This of course laid the foundation for my life long love of shiny new electronics.
I met my wife in 2008 and started dating in 2009. In 2010, I moved into her 2 bedroom 1300sq ft townhouse. I brought with me my Sony HTIB and my 60" Vizio LCD. But I did so knowing that it was soon time to upgrade. The HTIB was fine for my tiny 1 bedroom apartment but was quickly underwhelming in the open floor plan lower level of the townhouse. So I began to slowly piece together a relatively modest home theater for the living room.
In March of 2015, on my birthday in fact, we hosted one of the stops on the Central Iowa Home Theater Crawl and enjoyed the feedback we had from the folks who visited our modest living room theater. There was a little bit of drama the week before the crawl as Vizio pushed a software update to my (at the time) 65" TV. This bricked the TV and the only way to fix it was to replace the main board. I found one on eBay cheap but it would not be there in time for the crawl. So my wife and I hustled off to Costco and ended up buying a 70" UHD Vizio (I love the price
erformance ratio of the brand). Once home and back up and running, I realized that the Yamaha AVR I had at the time was not 4k pass-through capable...so of course, I swapped it out with a Denon AVR-X4100W. A quick and dirty Audyssey run later and we were ready for the crawl.

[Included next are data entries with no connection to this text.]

Lemma olt_opow_mul p q i j : olt q p -> 0 < j ->
  olt (omul (opow p i) (opow q j)) (opow p (i + j)).
Proof.
move=> lt_qp j_gt0; rewrite opowD omulC [omul (opow p i) _]omulC.
exact: olt_omul (olt_opow lt_qp j_gt0) (ole_refl _) (opow_neq0 (olt_neq0 lt_qp)).
Qed.

End GhostOrder.

Section LayeredMul.
Variables (L : toSemiring) (G : toAbGroup).
Implicit Types (u v w : layered L G).

Lemma rmulC u v : rmul u v = rmul v u.
Proof. by case: u v => [[x k]|] [[y l]|] //=; rewrite GmulC LmulC. Qed.

Lemma rmulA u v w : rmul u (rmul v w) = rmul (rmul u v) w.
Proof. by case: u v w => [[x k]|] [[y l]|] [[z p]|] //=; rewrite GmulA LmulA. Qed.

Lemma rmul1 u : rmul (rone L G) u = u.
Proof. by case: u => [[x k]|] //=; rewrite Gmul1 Lmul1. Qed.

Lemma rmulr1 u : rmul u (rone L G) = u.
Proof. by rewrite rmulC rmul1. Qed.

End LayeredMul.

HB.instance Definition _ L G := Monoid.isComLaw.Build (layered L G) (rone L G)
  (@rmul L G) (@rmulA L G) (@rmulC L G) (@rmul1 L G).

Section LayeredNu.
Variables (L : toSemiring) (G : toAbGroup).
Local Notation R := (layered L G).
Local Notation r0 := (rzero L G).
Local Notation r1 := (rone L G).
Local Notation radd := (@radd L G).
Local Notation rmul := (@rmul L G).
Implicit Types (u v w : R).

Lemma raddr0 u : radd u r0 = u.
Proof. by case: u => [[]|]. Qed.

Lemma rpowM u i j : rpow u (i * j) = rpow (rpow u i) j.
Proof.
have rpowD k l : rpow u (k + l) = rmul (rpow u k) (rpow u l).
  by elim: k => [|k IHk]; rewrite ?rmul1 // addSn /= IHk rmulA.
by elim: j => [|j IHj]; rewrite ?muln0 // mulnS rpowD IHj.
Qed.

Lemma nuval_rmul u v : nuval (rmul u v) = omul (nuval u) (nuval v).
Proof. by case: u v => [[x k]|] [[y l]|]. Qed.

Lemma nuval_rpow u k : nuval (rpow u k) = opow (nuval u) k.
Proof. by elim: k => [|k IHk] //=; rewrite nuval_rmul IHk. Qed.

Lemma nuval_radd u v : nuval (radd u v) = omax (nuval u) (nuval v).
Proof.
case: u v => [[x k]|] [[y l]|] //=; rewrite /omax /=.
by case: ifP => [/Glt_asym -> //|_]; case: ifP.
Qed.

Lemma nu_ltE u v : nu_lt u v = olt (nuval u) (nuval v).
Proof. by case: u v => [[x k]|] [[y l]|]. Qed.

Lemma radd_eql u v : nu_lt v u -> radd u v = u.
Proof. by case: u v => [[x k]|] [[y l]|] //= ->. Qed.

Lemma radd_eqr u v : nu_lt u v -> radd u v = v.
Proof. by case: u v => [[x k]|] [[y l]|] //= lt_xy; rewrite Glt_asym // lt_xy. Qed.

Section BigSums.
Variables (I : eqType) (F : I -> R).

Lemma nuval_big_radd_le r p : (forall i, i \in r -> ole (nuval (F i)) p) ->
  ole (nuval (\big[radd/r0]_(i <- r) F i)) p.
Proof.
elim: r => [|x r IHr] le_Fp; first by rewrite big_nil; apply: ole0.
rewrite big_cons nuval_radd; apply: omax_lub; first by apply: le_Fp; rewrite mem_head.
by apply: IHr => i r_i; apply: le_Fp; rewrite in_cons r_i orbT.
Qed.

Lemma nuval_big_radd_ge r i0 : i0 \in r ->
  ole (nuval (F i0)) (nuval (\big[radd/r0]_(i <- r) F i)).
Proof.
elim: r => [|x r IHr] //; rewrite in_cons big_cons nuval_radd => /orP[/eqP->|r_i0].
  exact: omax_l.
exact: ole_trans (IHr r_i0) (omax_r _ _).
Qed.

Lemma nu_lt_big_radd r w : r <> [::] -> (forall i, i \in r -> nu_lt (F i) w) ->
  nu_lt (\big[radd/r0]_(i <- r) F i) w.
Proof.
elim: r => [|x [|y r] IHr] // _ lt_Fw.
  by rewrite big_cons big_nil raddr0; apply: lt_Fw; rewrite mem_head.
rewrite big_cons nu_ltE nuval_radd; apply: omax_lt; rewrite -nu_ltE.
  by apply: lt_Fw; rewrite mem_head.
by apply: IHr => // i r_i; apply: lt_Fw; rewrite in_cons r_i orbT.
Qed.

Lemma big_radd_dom r i0 : uniq r -> i0 \in r ->
  (forall i, i \in r -> i != i0 -> nu_lt (F i) (F i0)) ->
  \big[radd/r0]_(i <- r) F i = F i0.
Proof.
elim: r => [|x r IHr] //= /andP[x_notin_r uniq_r]; rewrite big_cons in_cons.
have [<- _ dom | ne_x_i0 /= r_i0 dom] := eqVneq x i0.
  case: r {IHr uniq_r} x_notin_r dom => [|y r] x_notin_r dom; first by rewrite big_nil raddr0.
  apply/radd_eql/nu_lt_big_radd => // i r_i.
  by apply: dom; [rewrite in_cons r_i orbT | apply: contraNneq x_notin_r => <-].
rewrite IHr // => [|i r_i]; last by apply: dom; rewrite in_cons r_i orbT.
by apply/radd_eqr/dom; rewrite ?mem_head.
Qed.

End BigSums.

Lemma nuval_big_rmul_le (I : Type) (r : seq I) (F : I -> R) (eA eB : I -> nat) p q :
  (forall i, ole (nuval (F i)) (omul (opow p (eA i)) (opow q (eB i)))) ->
  ole (nuval (\big[rmul/r1]_(i <- r) F i))
      (omul (opow p (\sum_(i <- r) eA i)) (opow q (\sum_(i <- r) eB i))).
Proof.
move=> le_F; elim: r => [|x r IHr]; first by rewrite !big_nil /= Gmul1; apply: ole_refl.
rewrite !big_cons nuval_rmul !opowD.
set P1 := opow p (eA x); set P2 := opow p _; set Q1 := opow q (eB x); set Q2 := opow q _.
have -> : omul (omul P1 P2) (omul Q1 Q2) = omul (omul P1 Q1) (omul P2 Q2).
  by rewrite !omulA -[omul (omul P1 P2) Q1]omulA [omul P2 Q1]omulC omulA.
exact: ole_omul.
Qed.

Lemma big_rmul_if_const (I : Type) (r : seq I) (P : pred I) x :
  \big[rmul/r1]_(i <- r) (if P i then x else r1) = rpow x (count P r).
Proof. by rewrite -big_mkcond big_const_seq. Qed.

End LayeredNu.

Section Primary.
Variables (L : toSemiring) (G : toAbGroup).
Local Notation R := (layered L G).
Local Notation r1 := (rone L G).
Variables (a : R) (alpha : nat -> R) (m : nat).
Hypothesis alpha_prim : primary a alpha m.
Local Notation A := (nuval a).

Lemma primary_lead : alpha m = r1.
Proof. by case: alpha_prim. Qed.

Lemma nuval_primary_const : nuval (alpha 0) = opow A m.
Proof. by case: alpha_prim => _ [-> _]; rewrite nuval_rpow. Qed.

Lemma nuval_primary_coef_le k : k <= m -> ole (nuval (alpha k)) (opow A (m - k)).
Proof.
move=> le_km; have [->|k_gt0] := posnP k; first by rewrite subn0 nuval_primary_const ole_refl.
have [lt_km|le_mk] := ltnP k m; last first.
  have -> : k = m by apply/eqP; rewrite eqn_leq le_km.
  by rewrite subnn primary_lead ole_refl.
case: alpha_prim => _ [_ /(_ k)]; rewrite k_gt0 lt_km => /(_ isT) [->|->].
  exact: ole0.
by rewrite nuval_rpow ole_refl.
Qed.

Lemma nuval_monomial_le x j : j <= m ->
  ole (nuval (rmul (alpha j) (rpow x j))) (omul (opow A (m - j)) (opow (nuval x) j)).
Proof.
move=> le_jm; rewrite nuval_rmul nuval_rpow.
exact: ole_omul (nuval_primary_coef_le le_jm) (ole_refl _).
Qed.

Lemma nuval_peval x : nuval (peval alpha m x) = opow (omax A (nuval x)) m.
Proof.
apply: ole_anti.
  apply: nuval_big_radd_le => j _; have le_jm : j <= m by rewrite -ltnS.
  apply: ole_trans (nuval_monomial_le x le_jm) _.
  by have := ole_opow_mul (m - j) j (omax_l A (nuval x)) (omax_r A (nuval x)); rewrite subnK.
have [lt_Ax|le_xA] := boolP (olt A (nuval x)).
  rewrite omax_eqr //; apply: ole_trans (nuval_big_radd_ge _ (mem_index_enum ord_max)).
  by rewrite /= primary_lead rmul1 nuval_rpow ole_refl.
rewrite omax_eql //; apply: ole_trans (nuval_big_radd_ge _ (mem_index_enum ord0)).
by rewrite /= rmulr1 nuval_primary_const ole_refl.
Qed.

Lemma peval_const_dom x : olt (nuval x) A -> peval alpha m x = alpha 0.
Proof.
move=> lt_xA; rewrite /peval (big_radd_dom _ (mem_index_enum ord0)) ?index_enum_uniq //=.
  by rewrite rmulr1.
move=> j _ ne_j0; rewrite nu_ltE /= rmulr1 nuval_primary_const.
have le_jm : j <= m by rewrite -ltnS.
have j_gt0 : 0 < j by rewrite lt0n; apply: contra ne_j0 => /eqP j0; apply/eqP/val_inj.
apply: ole_lt_trans (nuval_monomial_le x le_jm) _.
by have := olt_opow_mul (m - j) lt_xA j_gt0; rewrite subnK.
Qed.

Lemma peval_lead_dom x : olt A (nuval x) -> peval alpha m x = rpow x m.
Proof.
move=> lt_Ax; rewrite /peval (big_radd_dom _ (mem_index_enum ord_max)) ?index_enum_uniq //=.
  by rewrite primary_lead rmul1.
move=> j _ ne_jm; rewrite nu_ltE /= primary_lead rmul1 nuval_rpow.
have le_jm : j <= m by rewrite -ltnS.
have mj_gt0 : 0 < m - j.
  by rewrite subn_gt0 ltn_neqAle le_jm andbT; apply: contra ne_jm => /eqP jm; apply/eqP/val_inj.
apply: ole_lt_trans (nuval_monomial_le x le_jm) _.
by rewrite omulC; have := olt_opow_mul j lt_Ax mj_gt0; rewrite subnKC.
Qed.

On Easter Sunday of that same year, my wife went downstairs to feed our pets only to discover that there was standing water in our under stair closet, half the dining room and part of the kitchen. Our floating laminate flooring in the dining room was literally floating. Long story short, urns out that Lowes had damaged the ice maker water line when installing our new fridge and it developed a slow leak that ultimately caused $5800 worth of damage. Lowes made good on it and paid us out in a check for the damages along with a $1500 gift card to Lowes.
This gave us the opportunity to start our living room/kitchen/dining room earlier than we had planned. We replaced the flooring, granite counters in the kitchen and a stainless steel backsplash. In the living room and dining room, we installed faux stone along the entire length of the back wall.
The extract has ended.